### Problem details
When you find the line with "case: (eqVneq N'" among the records below, reproduce it and each line after it exactly, ending with the line with "(* N' has the".

******

Lemma mingen_lastE M :
  0 < M xlast -> mingen I M <-> I M /\ ~ I (divX xlast M).
Proof.
move=> hlast; split=> [[hM hmin] | [hM hdiv]].
  split=> // /hmin /(_ (mdvd_divX _ _)) /(congr1 (fun m : mon n.+1 => m xlast)).
  by rewrite divX_coord eqxx; lia.
split=> // N hN hNM; have [N' hN' hN'N] := mingen_exists hN.
have hN'M := mdvd_trans hN'N hNM.
suff hN'eq : N' = M.
  apply: mdvd_mdeg_eq => //; apply/eqP; rewrite eqn_leq mdvd_mdeg //=.
  by rewrite -hN'eq mdvd_mdeg.
case: (eqVneq N' M) => // hne; exfalso; apply: hdiv.
have hN'I : I N' by case: hN'.
case: (ltnP (N' xlast) (M xlast)) => hlt.
  apply: (ideal_mdvd hN'I) => i; rewrite divX_coord.
  by case: eqP => [->|_]; [lia | rewrite subn0].
(* N' has the x_n-degree of M, so its exchange N' x_j / x_n divides M / x_n. *)
have [j hj] := mdvd_neq_coord hN'M hne.
have hjl : j != xlast by apply: contraTneq hj => ->; rewrite -leqNgt.
apply: (ideal_mdvd (mingen_exchange j hN' (leq_trans hlast hlt))) => i.
rewrite mulX_coord !divX_coord; have := hN'M i.
case: (eqVneq i j) => [->|_]; first by rewrite (negbTE hjl); lia.
by case: (eqVneq i xlast) => [->|_]; lia.
Qed.

Lemma count_notin_last d :
  count_deg (fun m => ~ I m) d =
  count_deg (fun m => ~ I m /\ 0 < m xlast) d + count_deg (fun m => ~ add_var I n m) d.
Proof.
rewrite (count_deg_split _ (fun m => 0 < m xlast)); congr (_ + _).
apply: eq_count_deg => m _; split=> [[hI hl] [//|[i [hi hpos]]] | hadd].
  by apply: hl; rewrite (_ : xlast = i) //; apply: val_inj.
by split=> [hm|hl]; apply: hadd; [left | right; exists xlast].
Qed.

******

### Answer
case: (eqVneq N' M) => // hne; exfalso; apply: hdiv.
have hN'I : I N' by case: hN'.
case: (ltnP (N' xlast) (M xlast)) => hlt.
  apply: (ideal_mdvd hN'I) => i; rewrite divX_coord.
  by case: eqP => [->|_]; [lia | rewrite subn0].
(* N' has the x_n-degree of M, so its exchange N' x_j / x_n divides M / x_n. *)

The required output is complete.